When I was 8/9 my parents brought me a president HiFly with Hitec Radio (I think thats the brand). I spent a good few weeks building it and about ten seconds crashing it. Not put off I then built a FlyBoy and I/C engine. Took it off did some nice flying from what I remember then did a fast spiral nose in.

Then I got in to course fishing mostly pike with my largest being 20lb from a weir at Penton Hook near staines. Then girls came along followed by jobs and marriage. Had two rug rats which are now teenagers.

Of course left the R/C behind when I was ten. I did buy a ARTF, I./C engine and radio when my first was born fifthteen years back but did not have anywhere to fly so it got sold on.

My dad was a strange man and never talked about his past. When my dad got terminal cancer we did talk and he told me he had been involved with doing a lot of wiring work on the Concorde prototype. I never had any idea. He also told me that he took me down as a child with the family to see it before it flew.

It was then that it became clear why I was so intrested in aircraft. I decided that I wanted to get back in to the hobby, build from a kit and fly it. this time not crashing. I Joined a club and they helped me to learn to fly.
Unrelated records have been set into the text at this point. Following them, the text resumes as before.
(* Let $(A_i,\omega_i)$, $i=1,2$, be commutative unital baric algebras over $K$. Then the map $(I,J)\mapsto I\bowtie J=\{(a,b)\in A_1\bowtie A_2: a\in I,\ b\in J\}$ is a bijection from $\mathcal{I}(A_1,\omega_1)\times\mathcal{I}(A_2,\omega_2)$ onto $\mathcal{I}(A_1\bowtie A_2,\omega_1\bowtie\omega_2)\setminus\{\operatorname{Ker}(\omega_1\bowtie\omega_2)\}$, with inverse $I\mapsto(I_1,I_2)$.
   Context: A baric algebra over a field $K$ is a pair $(A,\omega)$ where $A$ is a (not necessarily associative) $K$-algebra and $\omega:A\to K$ is a nonzero $K$-algebra homomorphism. For baric algebras $(A_1,\omega_1),(A_2,\omega_2)$, $A_1\bowtie A_2$ denotes the vector space $A_1\oplus A_2$ with product $(a_1,a_2)(b_1,b_2)=(a_1b_1+\omega_2(b_2)a_1,\ a_2b_2+\omega_1(b_1)a_2)$, and $\omega_1\bowtie\omega_2(a_1,a_2)=\omega_1(a_1)+\omega_2(a_2)$. For a baric algebra $(A,\omega)$, $\mathcal{I}(A,\omega)$ is the set of two-sided ideals $I$ of $A$ with $I\subseteq\operatorname{Ker}\omega$. For $I\subseteq A_1\bowtie A_2$, $I_1=\{a_1:\exists a_2,\ (a_1,a_2)\in I\}$ and $I_2=\{a_2:\exists a_1,\ (a_1,a_2)\in I\}$. *)

(* Non-associative algebras are not in MathComp, so a
   (commutative, unital) baric algebra over a field K is given explicitly by
   a K-vector space A (lmodType K), a bilinear product mul and a weight
   omega, subject to the axioms below. *)
From HB Require Import structures.
From mathcomp Require Import all_boot all_order all_algebra.
Set Implicit Arguments. Unset Strict Implicit. Unset Printing Implicit Defensive.
Import GRing.Theory.
Local Open Scope ring_scope.

Section Baric.
Variable K : fieldType.

Definition bilinear_mul (A : lmodType K) (mul : A -> A -> A) : Prop :=
  (forall (k : K) (x y z : A), mul (k *: x + y) z = k *: mul x z + mul y z) /\
  (forall (k : K) (x y z : A), mul z (k *: x + y) = k *: mul z x + mul z y).

Definition baric_weight (A : lmodType K) (mul : A -> A -> A) (omega : A -> K)
  : Prop :=
  (forall (k : K) (x y : A), omega (k *: x + y) = k * omega x + omega y) /\
  (forall x y : A, omega (mul x y) = omega x * omega y) /\
  (exists x : A, omega x <> 0).

Definition is_baric_algebra (A : lmodType K) (mul : A -> A -> A)
  (omega : A -> K) : Prop :=
  bilinear_mul mul /\ baric_weight mul omega.

Definition is_commutative_unital (A : lmodType K) (mul : A -> A -> A) : Prop :=
  (forall x y : A, mul x y = mul y x) /\
  (exists e : A, forall x : A, mul e x = x /\ mul x e = x).

Definition is_ideal (A : lmodType K) (mul : A -> A -> A) (I : A -> Prop)
  : Prop :=
  I 0 /\
  (forall x y : A, I x -> I y -> I (x + y)) /\
  (forall (k : K) (x : A), I x -> I (k *: x)) /\
  (forall a x : A, I x -> I (mul a x) /\ I (mul x a)).

Definition kerp (A : lmodType K) (omega : A -> K) : A -> Prop :=
  fun x => omega x = 0.

Definition in_calI (A : lmodType K) (mul : A -> A -> A) (omega : A -> K)
  (I : A -> Prop) : Prop :=
  is_ideal mul I /\ (forall x, I x -> kerp omega x).

Definition bowtie_mul (A1 A2 : lmodType K)
  (mul1 : A1 -> A1 -> A1) (omega1 : A1 -> K)
  (mul2 : A2 -> A2 -> A2) (omega2 : A2 -> K)
  (x y : (A1 * A2)%type) : (A1 * A2)%type :=
  (mul1 x.1 y.1 + omega2 y.2 *: x.1, mul2 x.2 y.2 + omega1 y.1 *: x.2).

Definition bowtie_omega (A1 A2 : lmodType K)
  (omega1 : A1 -> K) (omega2 : A2 -> K) (x : (A1 * A2)%type) : K :=
  omega1 x.1 + omega2 x.2.

Definition bowtie_set (A1 A2 : lmodType K) (I : A1 -> Prop) (J : A2 -> Prop)
  : (A1 * A2)%type -> Prop :=
  fun x => I x.1 /\ J x.2.

Definition proj_set1 (A1 A2 : lmodType K) (L : (A1 * A2)%type -> Prop)
  : A1 -> Prop := fun a => exists b : A2, L (a, b).

Definition proj_set2 (A1 A2 : lmodType K) (L : (A1 * A2)%type -> Prop)
  : A2 -> Prop := fun b => exists a : A1, L (a, b).

End Baric.

From HB Require Import structures.
From mathcomp Require Import all_boot all_order all_algebra.
From Stdlib Require Import FunctionalExtensionality PropExtensionality.
Set Implicit Arguments. Unset Strict Implicit. Unset Printing Implicit Defensive.
Import GRing.Theory.
Local Open Scope ring_scope.

(* Let e1, e2 be the units of A1, A2; they have weight 1, so the element
   d = (e1, -e2) lies in Ker ω, ω = ω1 ⋈ ω2.  The proof rests on two facts
   about an ideal L ⊆ Ker ω of A1 ⋈ A2:
   - multiplying (a, b) ∈ L by (e1, 0) and by (0, e2) shows that L contains
     (a + ω2(b) e1, 0) and (0, b + ω1(a) e2), hence also ω1(a) d;
   - if d ∈ L then L ⊇ Ker ω, because every y ∈ Ker ω is an explicit
     combination of d·(y1, 0), d·(0, y2) and d.
   So if L ≠ Ker ω then ω1 vanishes on the first components of L, the two
   products above are (a, 0) and (0, b), and L = L1 ⋈ L2 with L1, L2 ideals
   in the kernels.  Conversely I ⋈ J is an ideal in Ker ω that misses d,
   and projecting I ⋈ J gives back I and J. *)

Lemma pred_ext (T : Type) (P Q : T -> Prop) : (forall x, P x <-> Q x) -> P = Q.
Proof.
by move=> PQ; apply: functional_extensionality => x; apply: propositional_extensionality.
Qed.

Section LinearAlgebra.
Variables (K : fieldType) (A : lmodType K).

Definition weight_linear (omega : A -> K) : Prop :=
  forall (k : K) (x y : A), omega (k *: x + y) = k * omega x + omega y.

Section Weight.
Variables (omega : A -> K).
Hypothesis omega_lin : weight_linear omega.

Lemma weight0 : omega 0 = 0.
Proof. by have := omega_lin (-1) 0 0; rewrite scaleN1r oppr0 addr0 mulN1r addNr. Qed.

Lemma weightZ (k : K) (x : A) : omega (k *: x) = k * omega x.
Proof. by rewrite -[k *: x]addr0 omega_lin weight0 addr0. Qed.

Lemma weightN (x : A) : omega (- x) = - omega x.
Proof. by rewrite -scaleN1r weightZ mulN1r. Qed.

End Weight.

Section Product.
Variables (mul : A -> A -> A).
Hypothesis mul_bilin : bilinear_mul mul.

Lemma bilinear_mul0l (z : A) : mul 0 z = 0.
Proof.
by case: mul_bilin => mulDl _; have := mulDl (-1) z z z; rewrite !scaleN1r !addNr.
Qed.

Lemma bilinear_mul0r (z : A) : mul z 0 = 0.
Proof.
by case: mul_bilin => _ mulDr; have := mulDr (-1) z z z; rewrite !scaleN1r !addNr.
Qed.

Lemma bilinear_mulNl (x z : A) : mul (- x) z = - mul x z.
Proof.
case: mul_bilin => mulDl _.
by rewrite -scaleN1r -[_ *: x]addr0 mulDl bilinear_mul0l addr0 scaleN1r.
Qed.

Lemma unit_weight (omega : A -> K) (e : A) :
  baric_weight mul omega -> (forall x, mul e x = x) -> omega e = 1.
Proof.
move=> [_ [omegaM [x /eqP nz_x]]] e_unit.
by apply: (mulIf nz_x); rewrite mul1r -omegaM e_unit.
Qed.

End Product.

Lemma ideal_sub (mul : A -> A -> A) (I : A -> Prop) (x y : A) :
  is_ideal mul I -> I x -> I y -> I (x - y).
Proof.
move=> [_ [ID [IZ _]]] Ix Iy.
by apply: ID => //; rewrite -scaleN1r; apply: IZ.
Qed.

End LinearAlgebra.

Section Bowtie.
Variables (K : fieldType) (A1 A2 : lmodType K).
Variables (mul1 : A1 -> A1 -> A1) (omega1 : A1 -> K).
Variables (mul2 : A2 -> A2 -> A2) (omega2 : A2 -> K).
Local Notation mul := (bowtie_mul mul1 omega1 mul2 omega2).
Local Notation omega := (bowtie_omega omega1 omega2).

(* A product of ideals lying in the kernels is an ideal in Ker ω: in
   x·y = (x1 y1 + ω2(y2) x1, x2 y2 + ω1(y1) x2) the extra terms are scalar
   multiples of x1, x2 (and vanish when y ∈ I ⋈ J). *)
Lemma bowtie_in_calI (I : A1 -> Prop) (J : A2 -> Prop) :
  in_calI mul1 omega1 I -> in_calI mul2 omega2 J -> in_calI mul omega (bowtie_set I J).
Proof.
move=> [[I0 [ID [IZ IM]]] Iker] [[J0 [JD [JZ JM]]] Jker]; split; last first.
  by move=> [a b] [/= /Iker Ia /Jker Jb]; rewrite /kerp /bowtie_omega Ia Jb addr0.
split; [by split | split; [|split]].
- by move=> [a b] [c d] [/= Ia Jb] [Ic Jd]; split; [apply: ID | apply: JD].
- by move=> k [a b] [/= Ia Jb]; split; [apply: IZ | apply: JZ].
move=> [a b] [c d] [/= Ic Jd].
rewrite /bowtie_set /bowtie_mul /= (Iker _ Ic) (Jker _ Jd) !scale0r !addr0.
have [Iac Ica] := IM a c Ic; have [Jbd Jdb] := JM b d Jd.
by split; split=> //; [apply: ID => //; apply: IZ | apply: JD => //; apply: JZ].
Qed.

Lemma proj_bowtie1 (I : A1 -> Prop) (J : A2 -> Prop) :
  J 0 -> proj_set1 (bowtie_set I J) = I.
Proof. by move=> J0; apply: pred_ext => a; split=> [[b []] | Ia] //; exists 0. Qed.

Lemma proj_bowtie2 (I : A1 -> Prop) (J : A2 -> Prop) :
  I 0 -> proj_set2 (bowtie_set I J) = J.
Proof. by move=> I0; apply: pred_ext => b; split=> [[a []] | Jb] //; exists 0. Qed.

Lemma pair_sub (L : A1 * A2 -> Prop) (a c : A1) (b d : A2) :
  is_ideal mul L -> L (a, b) -> L (c, d) -> L (a - c, b - d).
Proof. exact: ideal_sub. Qed.

Lemma pair_scale (L : A1 * A2 -> Prop) (k : K) (a : A1) (b : A2) :
  is_ideal mul L -> L (a, b) -> L (k *: a, k *: b).
Proof. by move=> [_ [_ [LZ _]]] /(LZ k). Qed.

Lemma kerp_bowtie (a : A1) (b : A2) : kerp omega (a, b) -> omega2 b = - omega1 a.
Proof. by rewrite /kerp /bowtie_omega /= => /eqP; rewrite addrC addr_eq0 => /eqP. Qed.

Hypotheses (mul1_bilin : bilinear_mul mul1) (mul2_bilin : bilinear_mul mul2).
Hypotheses (omega1_lin : weight_linear omega1) (omega2_lin : weight_linear omega2).
Variables (e1 : A1) (e2 : A2).
Hypotheses (e1_unit : forall x, mul1 e1 x = x) (e2_unit : forall x, mul2 e2 x = x).
Hypotheses (e1_weight : omega1 e1 = 1) (e2_weight : omega2 e2 = 1).

Lemma unit_diff_ker : kerp omega (e1, - e2).
Proof. by rewrite /kerp /bowtie_omega /= weightN // e1_weight e2_weight subrr. Qed.

(* I ⋈ J is a proper subset of Ker ω: it does not contain d. *)
Lemma bowtie_neq_ker (I : A1 -> Prop) (J : A2 -> Prop) :
  in_calI mul1 omega1 I -> bowtie_set I J <> kerp omega.
Proof.
move=> [_ Iker] IJ_ker; have := unit_diff_ker.
rewrite -IJ_ker => -[/= /Iker]; rewrite /kerp e1_weight => /eqP.
by rewrite oner_eq0.
Qed.

Lemma absorb_first (L : A1 * A2 -> Prop) (a : A1) (b : A2) :
  is_ideal mul L -> L (a, b) -> L (a + omega2 b *: e1, 0).
Proof.
move=> [_ [_ [_ LM]]] /(LM (e1, 0))[+ _].
by rewrite /bowtie_mul /= e1_unit bilinear_mul0l // scaler0 addr0.
Qed.

Lemma absorb_second (L : A1 * A2 -> Prop) (a : A1) (b : A2) :
  is_ideal mul L -> L (a, b) -> L (0, b + omega1 a *: e2).
Proof.
move=> [_ [_ [_ LM]]] /(LM (0, e2))[+ _].
by rewrite /bowtie_mul /= e2_unit bilinear_mul0l // scaler0 addr0.
Qed.

Lemma weight_multiple_unit_diff (L : A1 * A2 -> Prop) (a : A1) (b : A2) :
  in_calI mul omega L -> L (a, b) -> L (omega1 a *: e1, - (omega1 a *: e2)).
Proof.
move=> [Lideal Lker] Lab.
have := pair_sub Lideal (pair_sub Lideal Lab (absorb_first Lideal Lab))
                        (absorb_second Lideal Lab).
rewrite (kerp_bowtie (Lker _ Lab)) !subr0 !opprD !addrA !subrr !add0r.
by rewrite scaleNr opprK.
Qed.

(* An ideal in Ker ω containing d is all of Ker ω: y ∈ Ker ω equals
   d·(y1, 0) - d·(0, y2) - ω1(y1) d. *)
Lemma unit_diff_ideal_ker (L : A1 * A2 -> Prop) :
  in_calI mul omega L -> L (e1, - e2) -> L = kerp omega.
Proof.
move=> [Lideal Lker] Ld; apply: pred_ext => -[y1 y2]; split; first exact: Lker.
move=> /kerp_bowtie y2_weight; set s := omega1 y1 in y2_weight.
have [_ [_ [_ LM]]] := Lideal.
have Ld_y1 : L (y1, - (s *: e2)).
  have [_] := LM (y1, 0) _ Ld.
  by rewrite /bowtie_mul /= e1_unit bilinear_mul0r // weight0 // scale0r addr0 add0r scalerN.
have Ld_y2 : L (- s *: e1, - y2).
  have [_] := LM (0, y2) _ Ld.
  rewrite /bowtie_mul /= bilinear_mul0r // bilinear_mulNl // e2_unit.
  by rewrite weight0 // y2_weight scale0r addr0 add0r.
have := pair_sub Lideal (pair_sub Lideal Ld_y1 Ld_y2) (pair_scale s Lideal Ld).
by rewrite scaleNr opprK addrK scalerN !opprK addrAC addNr add0r.
Qed.

Section ProperIdeal.
Variable L : A1 * A2 -> Prop.
Hypotheses (L_calI : in_calI mul omega L) (L_proper : L <> kerp omega).

(* In a proper ideal ω1 vanishes on first components, for otherwise scaling
   ω1(a) d by ω1(a)^-1 would put d in L. *)
Lemma proper_weight0 (a : A1) (b : A2) : L (a, b) -> omega1 a = 0.
Proof.
move=> Lab; apply/eqP; apply: contraT => nz_a; exfalso; apply: L_proper.
apply: (unit_diff_ideal_ker L_calI).
have := pair_scale (omega1 a)^-1 L_calI.1 (weight_multiple_unit_diff L_calI Lab).
by rewrite scalerN !scalerA mulVf // !scale1r.
Qed.

Lemma proper_split (a : A1) (b : A2) : L (a, b) -> L (a, 0) /\ L (0, b).
Proof.
move=> Lab; have w_a := proper_weight0 Lab.
have w_b : omega2 b = 0 by rewrite (kerp_bowtie (L_calI.2 _ Lab)) w_a oppr0.
have := absorb_first L_calI.1 Lab; have := absorb_second L_calI.1 Lab.
by rewrite w_a w_b !scale0r !addr0.
Qed.

Lemma proper_eq_bowtie : bowtie_set (proj_set1 L) (proj_set2 L) = L.
Proof.
apply: pred_ext => -[a b]; split=> [[[b' Lab'] [a' La'b]] | Lab]; last first.
  by split; [exists b | exists a].
rewrite -[a]addr0 -[b]add0r.
exact: L_calI.1.2.1 _ _ (proper_split Lab').1 (proper_split La'b).2.
Qed.

(* The projections of L are ideals in the kernels: products are computed
   inside L on elements of the form (a, 0), resp. (0, b). *)
Lemma proper_proj1_calI : in_calI mul1 omega1 (proj_set1 L).
Proof.
have [[L0 [LD [LZ LM]]] _] := L_calI; split; last first.
  by move=> a [b /proper_weight0].
split; [|split; [|split]].
- by exists 0.
- by move=> a c [b Lab] [d Lcd]; exists (b + d); apply: LD Lab Lcd.
- by move=> k a [b Lab]; exists (k *: b); apply: LZ Lab.
move=> a x [b /proper_split[Lx _]]; have [Lax Lxa] := LM (a, 0) _ Lx.
move: Lax Lxa; rewrite /bowtie_mul /= weight0 // !scale0r !addr0.
by split; eexists; eassumption.
Qed.

Lemma proper_proj2_calI : in_calI mul2 omega2 (proj_set2 L).
Proof.
have [[L0 [LD [LZ LM]]] Lker] := L_calI; split; last first.
  by move=> b [a Lab]; rewrite /kerp (kerp_bowtie (Lker _ Lab)) (proper_weight0 Lab) oppr0.
split; [|split; [|split]].
- by exists 0.
- by move=> b d [a Lab] [c Lcd]; exists (a + c); apply: LD Lab Lcd.
- by move=> k b [a Lab]; exists (k *: a); apply: LZ Lab.
move=> b x [a /proper_split[_ Lx]]; have [Lbx Lxb] := LM (0, b) _ Lx.
move: Lbx Lxb; rewrite /bowtie_mul /= weight0 // !scale0r !addr0.
by split; eexists; eassumption.
Qed.

End ProperIdeal.
End Bowtie.

Theorem proposition5p4 (K : fieldType)
  (A1 : lmodType K) (mul1 : A1 -> A1 -> A1) (omega1 : A1 -> K)
  (A2 : lmodType K) (mul2 : A2 -> A2 -> A2) (omega2 : A2 -> K) :
  is_baric_algebra mul1 omega1 -> is_commutative_unital mul1 ->
  is_baric_algebra mul2 omega2 -> is_commutative_unital mul2 ->
  let mul := bowtie_mul mul1 omega1 mul2 omega2 in
  let omega := bowtie_omega omega1 omega2 in
  (* the map (I,J) |-> I ⋈ J lands in I(A1⋈A2) \ {Ker omega} *)
  (forall (I : A1 -> Prop) (J : A2 -> Prop),
     in_calI mul1 omega1 I -> in_calI mul2 omega2 J ->
     in_calI mul omega (bowtie_set I J) /\ bowtie_set I J <> kerp omega) /\
  (* L |-> (L_1, L_2) lands in I(A1) x I(A2) and is a right inverse *)
  (forall L : (A1 * A2)%type -> Prop,
     in_calI mul omega L -> L <> kerp omega ->
     in_calI mul1 omega1 (proj_set1 L) /\ in_calI mul2 omega2 (proj_set2 L) /\
     bowtie_set (proj_set1 L) (proj_set2 L) = L) /\
  (* and a left inverse *)
  (forall (I : A1 -> Prop) (J : A2 -> Prop),
     in_calI mul1 omega1 I -> in_calI mul2 omega2 J ->
     proj_set1 (bowtie_set I J) = I /\ proj_set2 (bowtie_set I J) = J).
Proof.
move=> [bilin1 weight1] [_ [e1 e1_unit]] [bilin2 weight2] [_ [e2 e2_unit]] mul omega.
have e1_left : forall x, mul1 e1 x = x by move=> x; case: (e1_unit x).
have e2_left : forall x, mul2 e2 x = x by move=> x; case: (e2_unit x).
have lin1 : weight_linear omega1 by case: weight1.
have lin2 : weight_linear omega2 by case: weight2.
split; [|split].
- move=> I J I_calI J_calI; split; first exact: bowtie_in_calI.
  have e1_weight := unit_weight weight1 e1_left.
  have e2_weight := unit_weight weight2 e2_left.
  exact: (bowtie_neq_ker lin2 e1_weight e2_weight I_calI).
- move=> L L_calI L_proper; split; [|split].
  + exact: (proper_proj1_calI bilin1 bilin2 lin1 lin2 e1_left e2_left).
  + exact: (proper_proj2_calI bilin1 bilin2 lin1 lin2 e1_left e2_left).
  + exact: (proper_eq_bowtie bilin1 bilin2 lin1 lin2 e1_left e2_left).
- move=> I J [[I0 _] _] [[J0 _] _].
  by split; [exact: proj_bowtie1 | exact: proj_bowtie2].
Qed.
I passed my A-cert a year later and brought a few models such as the Pulse xt25 and the large Pawnee 40. A year later I brought the P47 Topflight kit and have been building this ever since.

I enjoy building and flying as well as ARTF's

I found out last year I have ADHD and have done ever since I was a child. What is strange is now it makes sense to me. why I never had a lot of friends and enjloyed time on my own. It makes even more sense to me why I like this hobby.